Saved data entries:
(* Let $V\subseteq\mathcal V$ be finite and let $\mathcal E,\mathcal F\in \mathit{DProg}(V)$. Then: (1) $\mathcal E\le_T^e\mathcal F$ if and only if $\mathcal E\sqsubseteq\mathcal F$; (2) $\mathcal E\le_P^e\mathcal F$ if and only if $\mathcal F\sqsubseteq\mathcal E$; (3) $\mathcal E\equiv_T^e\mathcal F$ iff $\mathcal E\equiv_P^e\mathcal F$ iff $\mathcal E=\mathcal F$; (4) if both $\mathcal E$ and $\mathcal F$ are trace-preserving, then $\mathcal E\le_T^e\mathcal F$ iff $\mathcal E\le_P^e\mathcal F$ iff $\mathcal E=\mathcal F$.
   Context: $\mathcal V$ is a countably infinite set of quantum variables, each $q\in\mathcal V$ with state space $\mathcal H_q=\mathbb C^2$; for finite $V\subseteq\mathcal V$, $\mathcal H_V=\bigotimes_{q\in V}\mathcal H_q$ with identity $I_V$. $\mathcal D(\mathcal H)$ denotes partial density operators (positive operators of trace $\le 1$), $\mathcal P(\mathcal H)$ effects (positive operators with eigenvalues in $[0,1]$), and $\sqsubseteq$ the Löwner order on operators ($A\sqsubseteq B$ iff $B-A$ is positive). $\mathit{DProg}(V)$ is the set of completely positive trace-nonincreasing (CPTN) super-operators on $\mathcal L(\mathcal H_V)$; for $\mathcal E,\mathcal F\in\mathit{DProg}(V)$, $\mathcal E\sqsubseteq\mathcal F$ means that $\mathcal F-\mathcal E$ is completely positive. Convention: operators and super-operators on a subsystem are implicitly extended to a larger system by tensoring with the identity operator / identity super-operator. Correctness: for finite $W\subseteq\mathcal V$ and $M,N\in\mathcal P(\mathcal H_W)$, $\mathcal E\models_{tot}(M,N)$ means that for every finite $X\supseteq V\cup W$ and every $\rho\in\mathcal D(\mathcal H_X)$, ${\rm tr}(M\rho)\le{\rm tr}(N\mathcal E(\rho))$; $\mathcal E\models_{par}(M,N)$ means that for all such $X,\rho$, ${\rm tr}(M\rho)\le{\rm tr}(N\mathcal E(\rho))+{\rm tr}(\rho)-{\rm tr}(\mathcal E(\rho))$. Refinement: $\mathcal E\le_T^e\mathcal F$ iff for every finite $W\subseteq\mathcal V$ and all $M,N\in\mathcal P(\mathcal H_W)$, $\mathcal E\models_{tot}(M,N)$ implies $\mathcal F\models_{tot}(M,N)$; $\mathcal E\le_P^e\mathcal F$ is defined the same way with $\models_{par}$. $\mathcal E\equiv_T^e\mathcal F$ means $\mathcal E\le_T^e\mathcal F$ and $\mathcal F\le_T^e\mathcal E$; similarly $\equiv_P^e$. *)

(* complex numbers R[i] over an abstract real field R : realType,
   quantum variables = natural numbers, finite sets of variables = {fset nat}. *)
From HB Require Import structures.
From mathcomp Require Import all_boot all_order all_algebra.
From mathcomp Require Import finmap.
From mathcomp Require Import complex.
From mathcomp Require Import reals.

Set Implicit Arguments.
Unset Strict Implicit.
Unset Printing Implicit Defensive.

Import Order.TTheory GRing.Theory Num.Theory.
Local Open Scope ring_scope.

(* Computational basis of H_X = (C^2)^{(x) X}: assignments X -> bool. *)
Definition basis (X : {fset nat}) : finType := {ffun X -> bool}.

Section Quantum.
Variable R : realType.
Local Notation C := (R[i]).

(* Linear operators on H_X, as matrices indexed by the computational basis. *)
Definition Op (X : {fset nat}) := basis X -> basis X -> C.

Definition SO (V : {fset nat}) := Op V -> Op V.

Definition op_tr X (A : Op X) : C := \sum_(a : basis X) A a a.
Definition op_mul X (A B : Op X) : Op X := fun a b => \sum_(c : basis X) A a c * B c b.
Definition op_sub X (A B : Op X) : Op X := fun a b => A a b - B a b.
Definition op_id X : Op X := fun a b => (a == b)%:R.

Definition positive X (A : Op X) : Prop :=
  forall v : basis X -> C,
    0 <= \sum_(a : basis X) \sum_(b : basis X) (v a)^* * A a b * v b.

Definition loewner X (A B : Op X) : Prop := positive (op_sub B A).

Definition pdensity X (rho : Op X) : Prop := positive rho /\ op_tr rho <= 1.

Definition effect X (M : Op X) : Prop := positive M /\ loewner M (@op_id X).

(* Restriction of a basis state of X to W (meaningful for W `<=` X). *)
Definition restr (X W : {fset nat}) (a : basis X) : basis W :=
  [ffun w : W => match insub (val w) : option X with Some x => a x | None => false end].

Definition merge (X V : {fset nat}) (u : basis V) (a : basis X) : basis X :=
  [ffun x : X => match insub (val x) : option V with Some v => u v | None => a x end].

Exercise requirements:
Return only the number of lines above that include "operators".

Answer section:
2